<<<<

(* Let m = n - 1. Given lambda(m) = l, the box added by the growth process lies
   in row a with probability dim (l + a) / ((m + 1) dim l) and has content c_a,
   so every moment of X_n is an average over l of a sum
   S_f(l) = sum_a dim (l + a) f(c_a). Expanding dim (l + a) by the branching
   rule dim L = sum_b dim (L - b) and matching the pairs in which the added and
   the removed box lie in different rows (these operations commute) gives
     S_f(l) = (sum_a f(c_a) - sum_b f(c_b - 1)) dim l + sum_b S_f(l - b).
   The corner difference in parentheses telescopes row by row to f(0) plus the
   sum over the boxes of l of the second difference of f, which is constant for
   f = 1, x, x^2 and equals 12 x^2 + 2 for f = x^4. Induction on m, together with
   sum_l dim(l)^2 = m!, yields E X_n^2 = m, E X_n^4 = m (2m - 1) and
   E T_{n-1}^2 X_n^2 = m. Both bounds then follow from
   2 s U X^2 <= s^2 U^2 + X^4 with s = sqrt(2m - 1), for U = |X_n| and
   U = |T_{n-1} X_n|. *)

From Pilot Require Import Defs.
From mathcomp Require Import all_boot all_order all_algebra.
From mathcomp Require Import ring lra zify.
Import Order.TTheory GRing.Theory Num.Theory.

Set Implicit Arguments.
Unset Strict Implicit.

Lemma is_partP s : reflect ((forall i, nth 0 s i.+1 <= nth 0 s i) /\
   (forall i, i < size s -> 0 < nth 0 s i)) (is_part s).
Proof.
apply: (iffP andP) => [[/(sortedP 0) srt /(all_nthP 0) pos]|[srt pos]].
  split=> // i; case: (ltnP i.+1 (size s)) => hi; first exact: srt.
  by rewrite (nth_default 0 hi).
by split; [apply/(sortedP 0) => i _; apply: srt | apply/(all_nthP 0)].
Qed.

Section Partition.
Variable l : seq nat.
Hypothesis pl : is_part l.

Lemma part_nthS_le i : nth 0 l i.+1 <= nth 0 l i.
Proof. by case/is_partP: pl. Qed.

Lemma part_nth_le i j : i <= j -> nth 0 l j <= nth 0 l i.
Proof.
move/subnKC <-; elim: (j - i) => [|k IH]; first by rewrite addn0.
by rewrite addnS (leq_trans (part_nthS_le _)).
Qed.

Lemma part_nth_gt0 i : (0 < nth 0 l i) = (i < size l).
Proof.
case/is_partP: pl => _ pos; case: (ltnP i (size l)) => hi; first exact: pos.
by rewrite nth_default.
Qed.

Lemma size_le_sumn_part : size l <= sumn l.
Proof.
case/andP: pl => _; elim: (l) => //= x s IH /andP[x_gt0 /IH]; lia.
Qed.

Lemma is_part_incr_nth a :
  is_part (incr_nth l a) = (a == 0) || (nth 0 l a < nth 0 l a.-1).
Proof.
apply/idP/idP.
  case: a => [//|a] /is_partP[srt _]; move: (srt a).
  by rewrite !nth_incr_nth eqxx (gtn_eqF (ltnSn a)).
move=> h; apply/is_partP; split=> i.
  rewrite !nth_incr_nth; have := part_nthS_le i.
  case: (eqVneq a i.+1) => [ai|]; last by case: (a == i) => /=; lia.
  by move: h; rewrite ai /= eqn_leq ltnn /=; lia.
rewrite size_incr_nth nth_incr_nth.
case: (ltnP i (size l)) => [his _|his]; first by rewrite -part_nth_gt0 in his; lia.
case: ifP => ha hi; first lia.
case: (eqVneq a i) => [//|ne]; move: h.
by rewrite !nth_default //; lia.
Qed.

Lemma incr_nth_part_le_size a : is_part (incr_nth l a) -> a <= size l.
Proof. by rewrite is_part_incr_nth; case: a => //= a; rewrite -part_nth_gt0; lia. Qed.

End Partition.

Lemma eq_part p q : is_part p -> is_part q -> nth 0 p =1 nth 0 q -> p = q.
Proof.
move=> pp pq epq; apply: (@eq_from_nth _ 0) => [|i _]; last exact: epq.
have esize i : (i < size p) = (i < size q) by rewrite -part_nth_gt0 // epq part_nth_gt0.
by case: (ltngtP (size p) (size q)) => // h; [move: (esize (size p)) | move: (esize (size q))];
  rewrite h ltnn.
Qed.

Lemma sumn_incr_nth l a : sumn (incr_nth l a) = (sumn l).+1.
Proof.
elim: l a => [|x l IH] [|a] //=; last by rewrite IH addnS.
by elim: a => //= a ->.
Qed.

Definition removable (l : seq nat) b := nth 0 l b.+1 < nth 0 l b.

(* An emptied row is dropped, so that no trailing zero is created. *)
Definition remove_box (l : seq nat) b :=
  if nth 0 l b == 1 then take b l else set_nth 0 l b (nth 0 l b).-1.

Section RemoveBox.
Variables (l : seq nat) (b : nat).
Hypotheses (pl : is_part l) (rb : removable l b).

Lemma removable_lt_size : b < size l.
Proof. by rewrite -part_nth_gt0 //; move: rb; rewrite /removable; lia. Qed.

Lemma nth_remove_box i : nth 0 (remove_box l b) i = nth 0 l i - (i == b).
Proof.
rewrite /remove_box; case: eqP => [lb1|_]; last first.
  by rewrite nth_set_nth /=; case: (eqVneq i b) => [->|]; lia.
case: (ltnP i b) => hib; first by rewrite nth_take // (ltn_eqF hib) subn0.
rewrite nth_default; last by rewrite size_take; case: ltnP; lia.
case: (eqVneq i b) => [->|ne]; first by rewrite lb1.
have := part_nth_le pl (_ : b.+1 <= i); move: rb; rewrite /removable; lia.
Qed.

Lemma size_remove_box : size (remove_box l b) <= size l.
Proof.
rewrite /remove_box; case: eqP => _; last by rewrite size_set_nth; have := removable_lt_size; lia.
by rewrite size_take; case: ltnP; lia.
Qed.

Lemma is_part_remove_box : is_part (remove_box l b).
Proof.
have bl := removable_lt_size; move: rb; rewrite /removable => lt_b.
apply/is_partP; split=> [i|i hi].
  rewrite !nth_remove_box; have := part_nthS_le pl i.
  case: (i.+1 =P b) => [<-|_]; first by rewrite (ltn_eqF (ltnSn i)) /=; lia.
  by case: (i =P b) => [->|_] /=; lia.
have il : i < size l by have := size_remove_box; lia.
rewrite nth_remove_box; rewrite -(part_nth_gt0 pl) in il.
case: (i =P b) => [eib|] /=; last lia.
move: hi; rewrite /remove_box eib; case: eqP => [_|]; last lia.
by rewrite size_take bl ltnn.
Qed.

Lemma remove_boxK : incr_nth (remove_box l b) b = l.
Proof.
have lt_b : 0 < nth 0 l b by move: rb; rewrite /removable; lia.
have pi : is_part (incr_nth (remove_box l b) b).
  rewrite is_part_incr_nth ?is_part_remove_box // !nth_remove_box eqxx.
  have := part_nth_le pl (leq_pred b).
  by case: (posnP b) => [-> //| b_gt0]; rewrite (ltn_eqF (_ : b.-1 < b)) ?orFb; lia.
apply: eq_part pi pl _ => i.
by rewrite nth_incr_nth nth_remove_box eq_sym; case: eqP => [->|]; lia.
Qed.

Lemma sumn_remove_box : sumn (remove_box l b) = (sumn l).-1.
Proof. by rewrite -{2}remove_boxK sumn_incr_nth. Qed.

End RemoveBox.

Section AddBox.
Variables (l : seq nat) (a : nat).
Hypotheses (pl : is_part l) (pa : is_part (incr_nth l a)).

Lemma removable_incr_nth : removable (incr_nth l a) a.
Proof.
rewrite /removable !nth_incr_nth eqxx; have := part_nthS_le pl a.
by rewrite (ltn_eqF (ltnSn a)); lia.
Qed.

>>>>

Print the records above once again, exactly as written.

(* Let m = n - 1. Given lambda(m) = l, the box added by the growth process lies
   in row a with probability dim (l + a) / ((m + 1) dim l) and has content c_a,
   so every moment of X_n is an average over l of a sum
   S_f(l) = sum_a dim (l + a) f(c_a). Expanding dim (l + a) by the branching
   rule dim L = sum_b dim (L - b) and matching the pairs in which the added and
   the removed box lie in different rows (these operations commute) gives
     S_f(l) = (sum_a f(c_a) - sum_b f(c_b - 1)) dim l + sum_b S_f(l - b).
   The corner difference in parentheses telescopes row by row to f(0) plus the
   sum over the boxes of l of the second difference of f, which is constant for
   f = 1, x, x^2 and equals 12 x^2 + 2 for f = x^4. Induction on m, together with
   sum_l dim(l)^2 = m!, yields E X_n^2 = m, E X_n^4 = m (2m - 1) and
   E T_{n-1}^2 X_n^2 = m. Both bounds then follow from
   2 s U X^2 <= s^2 U^2 + X^4 with s = sqrt(2m - 1), for U = |X_n| and
   U = |T_{n-1} X_n|. *)

From Pilot Require Import Defs.
From mathcomp Require Import all_boot all_order all_algebra.
From mathcomp Require Import ring lra zify.
Import Order.TTheory GRing.Theory Num.Theory.

Set Implicit Arguments.
Unset Strict Implicit.

Lemma is_partP s : reflect ((forall i, nth 0 s i.+1 <= nth 0 s i) /\
   (forall i, i < size s -> 0 < nth 0 s i)) (is_part s).
Proof.
apply: (iffP andP) => [[/(sortedP 0) srt /(all_nthP 0) pos]|[srt pos]].
  split=> // i; case: (ltnP i.+1 (size s)) => hi; first exact: srt.
  by rewrite (nth_default 0 hi).
by split; [apply/(sortedP 0) => i _; apply: srt | apply/(all_nthP 0)].
Qed.

Section Partition.
Variable l : seq nat.
Hypothesis pl : is_part l.

Lemma part_nthS_le i : nth 0 l i.+1 <= nth 0 l i.
Proof. by case/is_partP: pl. Qed.

Lemma part_nth_le i j : i <= j -> nth 0 l j <= nth 0 l i.
Proof.
move/subnKC <-; elim: (j - i) => [|k IH]; first by rewrite addn0.
by rewrite addnS (leq_trans (part_nthS_le _)).
Qed.

Lemma part_nth_gt0 i : (0 < nth 0 l i) = (i < size l).
Proof.
case/is_partP: pl => _ pos; case: (ltnP i (size l)) => hi; first exact: pos.
by rewrite nth_default.
Qed.

Lemma size_le_sumn_part : size l <= sumn l.
Proof.
case/andP: pl => _; elim: (l) => //= x s IH /andP[x_gt0 /IH]; lia.
Qed.

Lemma is_part_incr_nth a :
  is_part (incr_nth l a) = (a == 0) || (nth 0 l a < nth 0 l a.-1).
Proof.
apply/idP/idP.
  case: a => [//|a] /is_partP[srt _]; move: (srt a).
  by rewrite !nth_incr_nth eqxx (gtn_eqF (ltnSn a)).
move=> h; apply/is_partP; split=> i.
  rewrite !nth_incr_nth; have := part_nthS_le i.
  case: (eqVneq a i.+1) => [ai|]; last by case: (a == i) => /=; lia.
  by move: h; rewrite ai /= eqn_leq ltnn /=; lia.
rewrite size_incr_nth nth_incr_nth.
case: (ltnP i (size l)) => [his _|his]; first by rewrite -part_nth_gt0 in his; lia.
case: ifP => ha hi; first lia.
case: (eqVneq a i) => [//|ne]; move: h.
by rewrite !nth_default //; lia.
Qed.

Lemma incr_nth_part_le_size a : is_part (incr_nth l a) -> a <= size l.
Proof. by rewrite is_part_incr_nth; case: a => //= a; rewrite -part_nth_gt0; lia. Qed.

End Partition.

Lemma eq_part p q : is_part p -> is_part q -> nth 0 p =1 nth 0 q -> p = q.
Proof.
move=> pp pq epq; apply: (@eq_from_nth _ 0) => [|i _]; last exact: epq.
have esize i : (i < size p) = (i < size q) by rewrite -part_nth_gt0 // epq part_nth_gt0.
by case: (ltngtP (size p) (size q)) => // h; [move: (esize (size p)) | move: (esize (size q))];
  rewrite h ltnn.
Qed.

Lemma sumn_incr_nth l a : sumn (incr_nth l a) = (sumn l).+1.
Proof.
elim: l a => [|x l IH] [|a] //=; last by rewrite IH addnS.
by elim: a => //= a ->.
Qed.

Definition removable (l : seq nat) b := nth 0 l b.+1 < nth 0 l b.

(* An emptied row is dropped, so that no trailing zero is created. *)
Definition remove_box (l : seq nat) b :=
  if nth 0 l b == 1 then take b l else set_nth 0 l b (nth 0 l b).-1.

Section RemoveBox.
Variables (l : seq nat) (b : nat).
Hypotheses (pl : is_part l) (rb : removable l b).

Lemma removable_lt_size : b < size l.
Proof. by rewrite -part_nth_gt0 //; move: rb; rewrite /removable; lia. Qed.

Lemma nth_remove_box i : nth 0 (remove_box l b) i = nth 0 l i - (i == b).
Proof.
rewrite /remove_box; case: eqP => [lb1|_]; last first.
  by rewrite nth_set_nth /=; case: (eqVneq i b) => [->|]; lia.
case: (ltnP i b) => hib; first by rewrite nth_take // (ltn_eqF hib) subn0.
rewrite nth_default; last by rewrite size_take; case: ltnP; lia.
case: (eqVneq i b) => [->|ne]; first by rewrite lb1.
have := part_nth_le pl (_ : b.+1 <= i); move: rb; rewrite /removable; lia.
Qed.

Lemma size_remove_box : size (remove_box l b) <= size l.
Proof.
rewrite /remove_box; case: eqP => _; last by rewrite size_set_nth; have := removable_lt_size; lia.
by rewrite size_take; case: ltnP; lia.
Qed.

Lemma is_part_remove_box : is_part (remove_box l b).
Proof.
have bl := removable_lt_size; move: rb; rewrite /removable => lt_b.
apply/is_partP; split=> [i|i hi].
  rewrite !nth_remove_box; have := part_nthS_le pl i.
  case: (i.+1 =P b) => [<-|_]; first by rewrite (ltn_eqF (ltnSn i)) /=; lia.
  by case: (i =P b) => [->|_] /=; lia.
have il : i < size l by have := size_remove_box; lia.
rewrite nth_remove_box; rewrite -(part_nth_gt0 pl) in il.
case: (i =P b) => [eib|] /=; last lia.
move: hi; rewrite /remove_box eib; case: eqP => [_|]; last lia.
by rewrite size_take bl ltnn.
Qed.

Lemma remove_boxK : incr_nth (remove_box l b) b = l.
Proof.
have lt_b : 0 < nth 0 l b by move: rb; rewrite /removable; lia.
have pi : is_part (incr_nth (remove_box l b) b).
  rewrite is_part_incr_nth ?is_part_remove_box // !nth_remove_box eqxx.
  have := part_nth_le pl (leq_pred b).
  by case: (posnP b) => [-> //| b_gt0]; rewrite (ltn_eqF (_ : b.-1 < b)) ?orFb; lia.
apply: eq_part pi pl _ => i.
by rewrite nth_incr_nth nth_remove_box eq_sym; case: eqP => [->|]; lia.
Qed.

Lemma sumn_remove_box : sumn (remove_box l b) = (sumn l).-1.
Proof. by rewrite -{2}remove_boxK sumn_incr_nth. Qed.

End RemoveBox.

Section AddBox.
Variables (l : seq nat) (a : nat).
Hypotheses (pl : is_part l) (pa : is_part (incr_nth l a)).

Lemma removable_incr_nth : removable (incr_nth l a) a.
Proof.
rewrite /removable !nth_incr_nth eqxx; have := part_nthS_le pl a.
by rewrite (ltn_eqF (ltnSn a)); lia.
Qed.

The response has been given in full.